=== Section Start ===

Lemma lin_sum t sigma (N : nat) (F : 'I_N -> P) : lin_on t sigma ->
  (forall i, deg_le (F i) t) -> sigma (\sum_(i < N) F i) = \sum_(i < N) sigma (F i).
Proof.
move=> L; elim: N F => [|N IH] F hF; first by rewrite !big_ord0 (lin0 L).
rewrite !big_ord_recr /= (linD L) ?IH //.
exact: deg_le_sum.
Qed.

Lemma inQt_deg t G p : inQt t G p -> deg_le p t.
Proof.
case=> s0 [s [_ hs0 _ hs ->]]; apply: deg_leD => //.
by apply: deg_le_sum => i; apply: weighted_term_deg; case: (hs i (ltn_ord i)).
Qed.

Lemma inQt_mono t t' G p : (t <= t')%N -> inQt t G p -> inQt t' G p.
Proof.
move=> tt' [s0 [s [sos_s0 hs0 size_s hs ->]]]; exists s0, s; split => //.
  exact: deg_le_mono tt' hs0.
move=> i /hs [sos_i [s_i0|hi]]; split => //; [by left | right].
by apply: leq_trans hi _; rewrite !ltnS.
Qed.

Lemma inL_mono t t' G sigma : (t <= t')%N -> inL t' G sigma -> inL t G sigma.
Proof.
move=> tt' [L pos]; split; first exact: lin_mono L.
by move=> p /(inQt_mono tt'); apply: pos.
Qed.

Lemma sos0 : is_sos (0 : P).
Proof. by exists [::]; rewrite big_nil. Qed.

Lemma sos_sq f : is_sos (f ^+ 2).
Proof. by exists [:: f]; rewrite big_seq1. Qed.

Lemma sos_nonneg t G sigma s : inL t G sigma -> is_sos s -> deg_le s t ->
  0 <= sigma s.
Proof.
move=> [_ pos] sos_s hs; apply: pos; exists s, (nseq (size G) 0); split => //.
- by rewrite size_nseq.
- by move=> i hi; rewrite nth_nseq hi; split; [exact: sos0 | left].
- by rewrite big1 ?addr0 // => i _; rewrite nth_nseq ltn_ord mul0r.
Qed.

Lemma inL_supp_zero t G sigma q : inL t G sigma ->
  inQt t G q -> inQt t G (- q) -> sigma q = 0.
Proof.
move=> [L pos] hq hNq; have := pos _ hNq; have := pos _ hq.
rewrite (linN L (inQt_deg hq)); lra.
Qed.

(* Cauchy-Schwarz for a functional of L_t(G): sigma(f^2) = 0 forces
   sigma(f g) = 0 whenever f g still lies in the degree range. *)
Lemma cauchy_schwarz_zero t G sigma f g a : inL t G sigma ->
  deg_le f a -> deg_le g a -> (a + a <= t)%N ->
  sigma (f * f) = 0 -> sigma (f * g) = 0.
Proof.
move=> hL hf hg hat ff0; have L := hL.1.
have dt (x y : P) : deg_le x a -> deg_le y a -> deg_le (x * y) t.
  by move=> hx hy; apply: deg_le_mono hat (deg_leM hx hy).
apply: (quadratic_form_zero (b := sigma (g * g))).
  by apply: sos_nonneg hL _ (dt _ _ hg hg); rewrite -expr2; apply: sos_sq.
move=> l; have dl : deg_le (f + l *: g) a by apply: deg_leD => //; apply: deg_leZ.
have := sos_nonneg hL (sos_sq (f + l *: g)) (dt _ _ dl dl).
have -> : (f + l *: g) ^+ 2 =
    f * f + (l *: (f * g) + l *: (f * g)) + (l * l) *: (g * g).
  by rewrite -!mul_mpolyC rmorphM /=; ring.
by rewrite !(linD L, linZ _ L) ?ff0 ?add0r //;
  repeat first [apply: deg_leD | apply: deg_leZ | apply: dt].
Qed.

=== Section End ===

Exercise details:
Print, without any change, the line containing "move=> l; have" and each line after it to the end of the material.

Answer space:
move=> l; have dl : deg_le (f + l *: g) a by apply: deg_leD => //; apply: deg_leZ.
have := sos_nonneg hL (sos_sq (f + l *: g)) (dt _ _ dl dl).
have -> : (f + l *: g) ^+ 2 =
    f * f + (l *: (f * g) + l *: (f * g)) + (l * l) *: (g * g).
  by rewrite -!mul_mpolyC rmorphM /=; ring.
by rewrite !(linD L, linZ _ L) ?ff0 ?add0r //;
  repeat first [apply: deg_leD | apply: deg_leZ | apply: dt].
Qed.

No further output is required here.